Arguments from popularity or authority are also not scientific and
rational, as even the wisest authority can be mistaken on any particular
issue.<<<<
Sure he doth jest?
What is evidence? Is it the word of the patient who goes to a doctor
and says "I have this big lump here...." thereby the doctor makes a
diagnosis?
Is evidence the word of a medical practitioner who says "I think this
might work, so lets see if we can prove my opinion?
Was it the "anecdote" that set William Pickering on the trail of
Digitalis? Though his 1775 paper is today considered a classic, anyone
familiar with medical history of the time is familiar with the expressed
fear of his colleagues who considered his protocols outrageous, far too
toxic, and who publicly condemned him as a potential murderer or menace.
Even if you fast forward to the 1900's medical literature you see
absolute anecdotal classics passed off as wonderful medical advances, such
as:
"Preparation of [autologous]diphtheria vaccine", Dr A. Cowan Guthrie,
BMJ Sept 28, 1935 pg 602. In Monty Python vein, this could be described
as your 'every doctor's guide as to how to make a vaccine for your patient
in your kitchen."
Or how about the Lancet, March 23, 1935, Page 703, where Dr W.H.
Palmer described how there is no doubt that his "kitchen" vaccine made
from daffodil stalks, to prevent lily rash, works a treat.
Those of us who make a habit of looking at "evidence" cannot
understand why it is, when you go to a site like www.clinicaltrials.gov
and stick in any of the new vaccine trials, you see such a comprehensive
list of exlusionary criteria, which have always applied in the past and we
have no doubt will apply in the future.
This list usually applies through all phase trials, and yet, when it
is declared "safe", parents are then told the vaccine is safe for their
perhaps immunosuppressed child who needs it even more than healthy
children! Yet said type of child (and many other "fragile" children) never
even made the cut for any phase trials whatsoever!
So then, when you look at evidence, what is evidence?
Where is the proof? How much of what is done today is, as
Professor Silverman* said in his instructive comments, the "lets try it
and see" approach:
>>>>The impatient let's-try-it-and-see approach in the
burgeoning field of neonatal medicine has resulted in therapeutic disaster
after disaster. It is extremely difficult, I've learned over the years, to
convince physicians about the importance of a hard-won modern lesson (the
amazing sulfisoxazole incident was the most indelible and instructive
example).
Since knowledge in medicine is never complete, the use of concurrent
controls in clinical trials of proposed interventions cannot prevent all
therapeutic catastrophes. But the precaution can always bring about a
substantial reduction in the number of patients maimed and killed as the
result of inevitable surprises!<<<<<<
One of the biggest problems in medicine today, is that doctors who
only reach for the Merck Manual, behave is if they know it all. And when
a patient comes with anecdote and says "Hey, Jeeves, this
acupuncture/homeopathy/herbal worked a treat!" they are told "That's not
evidence!"
When you look at ALL the treatments available in your doctor's
waiting room, how many of them are based on evidence which fulfills the
criteria Dr Vagg would have Dr Heptonstall produce?
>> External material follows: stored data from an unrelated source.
Definition bb_symmetric (R : realType) (W : finType) (r : rel W)
  (mu : {set (W * bool)} -> R) : Prop :=
  forall a b, r a b ->
    mu [set (a, false); (b, false)] = mu [set (a, true); (b, true)].

Definition perc_prob (R : realType) (T : finType) (E : {set {set T}})
  (mu : {set T} -> R) (A : pred {set {set T}}) : R :=
  \sum_(X in powerset E | A X)
     ((\prod_(ed in X) mu ed) * (\prod_(ed in E :\: X) (1 - mu ed))).

Definition joined (T : finType) (p q : T) : pred {set {set T}} :=
  fun X => connect (fun a b => [set a; b] \in X) p q.

Definition bb_prob (R : realType) (W : finType) (r : rel W)
  (mu : {set (W * bool)} -> R) (p q : W * bool) : R :=
  perc_prob (bb_edges r) mu (joined p q).

Definition bunkbed (R : realType) (W : finType) (r : rel W) : Prop :=
  forall mu : {set (W * bool)} -> R,
    is_weight (bb_edges r) mu -> bb_symmetric r mu ->
    forall x y : W,
      bb_prob r mu (x, false) (y, true) <= bb_prob r mu (x, false) (y, false).

Definition del_rel (V : finType) (e : rel V) (v : V) : rel V :=
  fun x y => [&& x != v, y != v & e x y].

Definition comp_of (V : finType) (e : rel V) (v x : V) : {set V} :=
  [set y | (y != v) && connect (del_rel e v) x y].

Definition comps (V : finType) (e : rel V) (v : V) : {set {set V}} :=
  [set comp_of e v x | x in [set~ v]].

Definition G_verts (V : finType) (e : rel V) (v : V) (I : {set {set V}}) : {set V} :=
  v |: \bigcup_(C in comps e v :&: I) C.
Definition H_verts (V : finType) (e : rel V) (v : V) (I : {set {set V}}) : {set V} :=
  v |: \bigcup_(C in comps e v :\: I) C.

Definition induced (V : finType) (e : rel V) (S : {set V}) : rel {x : V | x \in S} :=
  fun a b => e (val a) (val b).
Arguments induced {V} e S.

From HB Require Import structures.
From mathcomp Require Import all_boot all_order all_algebra.
From mathcomp Require Import reals.
From mathcomp Require Import ring lra.
Set Implicit Arguments. Unset Strict Implicit. Unset Printing Implicit Defensive.
Import Order.TTheory GRing.Theory Num.Theory.
Local Open Scope ring_scope.

(* Integrate out the open edges of BB(Gbar) other than the rung v^- v^+.
   Since BB(Gbar) meets BB(Hbar) only in v^- and v^+, for endpoints in
   BB(Hbar) those edges matter only through the event that they join v^- to
   v^+, and that event just opens the rung: connection probabilities in F
   between vertices of Hbar are those of BB(Hbar) with the weight m of the rung
   raised to m + (1 - m) P(v^- ~ v^+ in BB(Gbar) - rung).  The rung is vertical,
   so the new weight is still symmetric and the bunkbed property of Hbar
   applies. *)

Lemma connect_ind (T : finType) (r : rel T) (P : T -> Prop) x y :
  P x -> (forall a b, P a -> r a b -> P b) -> connect r x y -> P y.
Proof.
move=> Px Pr /connectP[s]; elim: s x Px => [|z s IHs] x Px /=; first by move=> _ ->.
by case/andP=> /(Pr _ _ Px) Pz; apply: IHs.
Qed.

Section Joined.
Variable T : finType.
Implicit Types (A B X Y : {set {set T}}) (S SA SB : {set T}) (p q u w : T).

Definition open_adj X : rel T := fun a b => [set a; b] \in X.

Lemma open_adj_sym X : symmetric (open_adj X).
Proof. by move=> a b; rewrite /open_adj setUC. Qed.

Lemma joinedC X p q : joined p q X = joined q p X.
Proof. exact: (sym_connect_sym (open_adj_sym X)). Qed.

Lemma joined_refl X p : joined p p X.
Proof. exact: connect0. Qed.

Lemma joined_edge X p q : [set p; q] \in X -> joined p q X.
Proof. exact: connect1. Qed.

Lemma joined_trans X p q r : joined p q X -> joined q r X -> joined p r X.
Proof. exact: connect_trans. Qed.

Lemma joined_subset X Y p q : X \subset Y -> joined p q X -> joined p q Y.
Proof.
by move=> XY; apply: connect_sub => a b ab; apply/joined_edge/(subsetP XY).
Qed.

Lemma joined_support X S (p q : T) : {in X, forall ed : {set T}, ed \subset S} ->
  p != q -> joined p q X -> p \in S.
Proof.
move=> XS pq /connectP[[|z s] /= pth pq_last]; first by rewrite pq_last eqxx in pq.
case/andP: pth => pz _; have /subsetP := XS _ pz; apply; exact: set21.
Qed.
For those who have had a long hard look into the cupboard on locked
away medical history, it looks to us as if "anecdote" can be manipulated
to mean "evidence" when it suits a doctor, or a vaccine trial to make it
appear so.
Isn't it odd that when it comes to the views of their patients, or
any potential treatment protocol which might fall outside technocentric
pharmacology, that the standards of 'evidence' required by the Vagg's of
this world, from the Heptonstalls of the world, appear not to be the
standards of evidence to which, in practice, the Vaggs would adhere
themselves!
Which has got to be very strange, don't you think?
Hilary Butler.
* Silverman WA (2003). Personal reflections on lessons learned from
randomized trials involving newborn infants, 1951 to 1967. James Lind
Library (www.jameslindlibrary.org).
Accessed Friday 23 November 2007.
http://www.jameslindlibrary.org/essays/cautionary/silverman.html
Competing interests:
None declared
Competing interests: No competing interests
Rather than detail here for Mr Vagg a necessarily large quantity of
examples from an enormous number of studies that inform chronologically on
TCM research, practices and principles and generate the scientific
evidence that proves the existence of, and many characteristics of, TCM
phenomena such as meridians, acupoints and Qi, that Vagg has probably
never read, I will now place that data at
www.morleyacupunctureclinic.co.uk under ‘Research and General Information
on TCM’ article 2 on research developments in China from 70s to 90s for
easy access.
To help inform Mr Vagg in this medium I will begin by quoting WANG
Xuetai of the Chinese Academy of Traditional Chinese Medicine, Beijing, in
his “The Exploration on the Tendency of the Development of Acupuncture-
Moxibustion from its History” World Journal of Acupuncture &
Moxibustion, Vol 3, No 4, December 1993 and “The Current Situation and
Prospects of Acupuncture”, World Journal of Acupuncture & Moxibustion,
Vol 7, No 4, December 1997 – comments already 10 years old.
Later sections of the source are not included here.